Lemma embedding_step_non_lr_max t X : (t < m)%N -> ~~ lr_max p t ->
  prefix_embedding t X -> exists Y, prefix_embedding t.+1 Y.
Proof.
move=> t_lt non_max_t emb; have [M_eq M_ge _] := margin_facts n t_lt.
have g_ge0 : 0 <= g by apply: le_trans gap_large.
have t_gt0 : (0 < t)%N by case: t non_max_t {t_lt emb M_eq M_ge}.
have le_last := emb_le_last emb.
pose below_t b := lr_max p b && (pval p b < pval p t)%N.
pose B := \big[Order.max/X 0%N]_(0 <= b < t) (if below_t b then X b + g else X b).
have le_B b : (b < t)%N -> (if below_t b then X b + g else X b) <= B.
  by move=> b_lt; apply: le_bigmax_seq; rewrite ?mem_index_iota.
have [x [lt_x x_le disp_x]] := periodic_residue_above w_periodic n_gt0 s B.
have B_le u : (u < t)%N -> lr_max p u -> (pval p t < pval p u)%N -> B + M t <= X u + g.
  move=> u_lt max_u lt_tu.
  have reach_u := emb_reach emb u_lt max_u (fun d d_lt non_max_d =>
    ltn_trans (avoids321_non_lr_max_lt p_avoids d_lt t_lt non_max_d) lt_tu).
  rewrite -lerBrDr /B big_seq; apply: bigmax_le => [|b].
    by have := le_last 0%N t_gt0; lia.
  rewrite mem_index_iota /= => b_lt; rewrite /below_t.
  case: ifP => [/andP[max_b lt_bt]|_]; last by have := le_last b b_lt; lia.
  have lt_bu := lr_max_mono max_b max_u (ltn_trans lt_bt lt_tu).
  by have := emb_gap emb lt_bu u_lt max_b max_u; lia.
exists (fun a => if a == t then x else X a); apply: embedding_extend => //.
- by move=> b /le_B; case: ifP => _; lia.
- move=> b b_lt; have b_lt_m := ltn_trans b_lt t_lt.
  have := le_B b b_lt; rewrite (emb_disp emb) // disp_x /below_t.
  case: (boolP (lr_max p b)) => [max_b|non_max_b] /=.
  + case: (ltngtP (pval p b) (pval p t)) => [lt_bt|lt_tb|eq_bt] le_b.
    * by left; split=> //; lia.
    * by right; split=> //; have := B_le b b_lt max_b lt_tb; lia.
    * by rewrite (pval_inj b_lt_m t_lt eq_bt) ltnn in b_lt.
  + by left; split; [lia | apply: avoids321_non_lr_max_lt].
- by rewrite (negbTE non_max_t).
- by move=> max_t; rewrite max_t in non_max_t.
- move=> a a_lt max_a below_a.
  by have := B_le a a_lt max_a (below_a t (leqnn t) non_max_t); lia.
Qed.

Lemma exists_prefix_embedding t : (t <= m)%N -> exists X, prefix_embedding t X.
Proof.
elim: t => [|t IHt] t_le; first by exists (fun=> 0); split.
have [X emb] := IHt (ltnW t_le).
by case: (boolP (lr_max p t)) => [max_t|non_max_t];
  [apply: embedding_step_lr_max emb | apply: embedding_step_non_lr_max emb].
Qed.

Lemma contains_of_large_gap : aff_contains p w.
Proof.
have [X emb] := exists_prefix_embedding (leqnn m).
exists (fun i => X i); split=> [a b lt_ab|a b]; first exact: (emb_incr emb).
by rewrite (emb_pattern emb) // !pval_ord.
Qed.

End Embedding.

Lemma avoider_gap_lt n m (p : 'S_m) (w : int -> int) : (0 < n)%N ->
  (forall i : int, w (i + n%:Z) = w i + n%:Z) -> avoids321 p -> aff_avoids p w ->
  forall r s, (w r - r) - (w s - s) < (margin n m 0)%:Z.
Proof.
move=> n_gt0 w_periodic p_avoids w_avoids r s; rewrite ltNge; apply/negP => gap_large.
exact/w_avoids/(contains_of_large_gap n_gt0 w_periodic gap_large).
Qed.

Lemma sum_eq0_ge0 (R : realDomainType) n (F : nat -> R) : (0 < n)%N ->
  \sum_(0 <= i < n) F i = 0 -> exists i, 0 <= F i.
Proof.
move=> n_gt0 sum0.
have [/hasP[i _ Fi]|/hasPn F_lt0] := boolP (has (fun i => 0 <= F i) (index_iota 0 n)).
  by exists i.
have F_neg i : (0 <= i < n)%N -> F i < 0.
  by rewrite -mem_index_iota => /F_lt0; rewrite ltNge.
by have := ltr_sum_nat n_gt0 F_neg; rewrite sum0 big1_eq ltxx.
Qed.

Lemma sum_succ_bin2 n : \sum_(i < n) i.+1%:Z = 'C(n.+1, 2)%:Z.
Proof.
rewrite -(big_morph Posz PoszD (erefl 0%:Z)) -bin2_sum big_mkord big_ord_recl add0n.
by congr Posz; apply: eq_bigr => i _; rewrite /bump add1n.
Qed.

Lemma affine_perm_disp_sign n w : (0 < n)%N -> is_affine_perm n w ->
  (exists r, 0 <= w r - r) /\ (exists s, w s - s <= 0).
Proof.
move=> n_gt0 [_ [_ w_sum]].
have disp_sum0 : \sum_(0 <= i < n) (w i.+1%:Z - i.+1%:Z) = 0.
  by rewrite big_mkord sumrB w_sum sum_succ_bin2 subrr.
have [i disp_i] := sum_eq0_ge0 n_gt0 disp_sum0.
have [j disp_j] : exists j, 0 <= - (w j.+1%:Z - j.+1%:Z).
  by apply: sum_eq0_ge0 n_gt0 _; rewrite sumrN disp_sum0 oppr0.
by split; [exists i.+1%:Z | exists j.+1%:Z; rewrite -oppr_ge0].
Qed.

Lemma avoider_disp_bounded n m (p : 'S_m) w : (0 < n)%N -> is_affine_perm n w ->
  avoids321 p -> aff_avoids p w ->
  forall z, - (margin n m 0)%:Z < w z - z < (margin n m 0)%:Z.
Proof.
move=> n_gt0 w_aff p_avoids w_avoids z; have [_ [w_periodic _]] := w_aff.
have [[r disp_r] [s disp_s]] := affine_perm_disp_sign n_gt0 w_aff.
have gap_lt := avoider_gap_lt n_gt0 w_periodic p_avoids w_avoids.
by have := gap_lt r z; have := gap_lt z s; lia.
Qed.

(* Displacements on the window [0, n) are stored shifted up by [B], as naturals. *)
Definition map_of_window_disp (n B : nat) (v : seq nat) (z : int) : int :=
  z + (nth 0%N v (absz (z %% n%:Z)%Z))%:Z - B%:Z.

Lemma eq_map_of_window_disp n B w : (0 < n)%N ->
  (forall i : int, w (i + n%:Z) = w i + n%:Z) -> (forall z, - B%:Z < w z - z) ->
  w =1 map_of_window_disp n B [seq absz (w k%:Z - k%:Z + B%:Z) | k <- iota 0 n].
Proof.
move=> n_gt0 w_periodic disp_gt z.
rewrite (periodic_window w_periodic) /map_of_window_disp.
have n_neq0 : n%:Z != 0 by rewrite eqz_nat -lt0n.
have mod_ge0 := modz_ge0 z n_neq0.
have mod_lt : (z %% n%:Z)%Z < n%:Z by rewrite ltz_pmod // ltz_nat.
rewrite (nth_map 0%N) ?size_iota; last by lia.
rewrite nth_iota ?add0n; last by lia.
have -> : (absz (z %% n%:Z)%Z)%:Z = (z %% n%:Z)%Z by lia.
by have := disp_gt (z %% n%:Z)%Z; lia.
Qed.

Fixpoint bounded_seqs (K k : nat) : seq (seq nat) :=
  if k is k'.+1 then [seq x :: v | x <- iota 0 K, v <- bounded_seqs K k'] else [:: [::]].

Lemma mem_bounded_seqs K k (v : seq nat) :
  size v = k -> all (fun x => x < K)%N v -> v \in bounded_seqs K k.
Proof.
elim: k v => [|k IHk] [|x v] //= [size_v] /andP[x_lt v_lt].
by apply: allpairs_f; [rewrite mem_iota | apply: IHk].
Qed.

Theorem proposition3p3 (m : nat) (p : 'S_m) (Hp : avoids321 p) (n : nat) (Hn : (2 <= n)%N) :
  exists L : seq (int -> int),
    forall omega : int -> int,
      is_affine_perm n omega -> aff_avoids p omega ->
      exists2 j : nat, (j < size L)%N & (forall i : int, omega i = nth id L j i).
Proof.
have n_gt0 : (0 < n)%N := ltnW Hn.
pose B := margin n m 0.
exists (map (map_of_window_disp n B) (bounded_seqs (B + B) n)) => w w_aff w_avoids.
have [_ [w_periodic _]] := w_aff.
have disp_bounded := avoider_disp_bounded n_gt0 w_aff Hp w_avoids.
pose v := [seq absz (w k%:Z - k%:Z + B%:Z) | k <- iota 0 n].
have v_in : v \in bounded_seqs (B + B) n.
  apply: mem_bounded_seqs; first by rewrite size_map size_iota.
  by apply/allP => _ /mapP[k _ ->]; have := disp_bounded k; lia.
exists (index v (bounded_seqs (B + B) n)); first by rewrite size_map index_mem.
rewrite (nth_map [::]) ?index_mem // nth_index //.
by apply: eq_map_of_window_disp => // z; have := disp_bounded z; lia.
Qed.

※

WHAT IS NEEDED — Once you have found every line above holding the word "boolP", copy those lines.

RESPONSE —
  case: (boolP (lr_max p b)) => [max_b|non_max_b] /=.
by case: (boolP (lr_max p t)) => [max_t|non_max_t];
have [/hasP[i _ Fi]|/hasPn F_lt0] := boolP (has (fun i => 0 <= F i) (index_iota 0 n)).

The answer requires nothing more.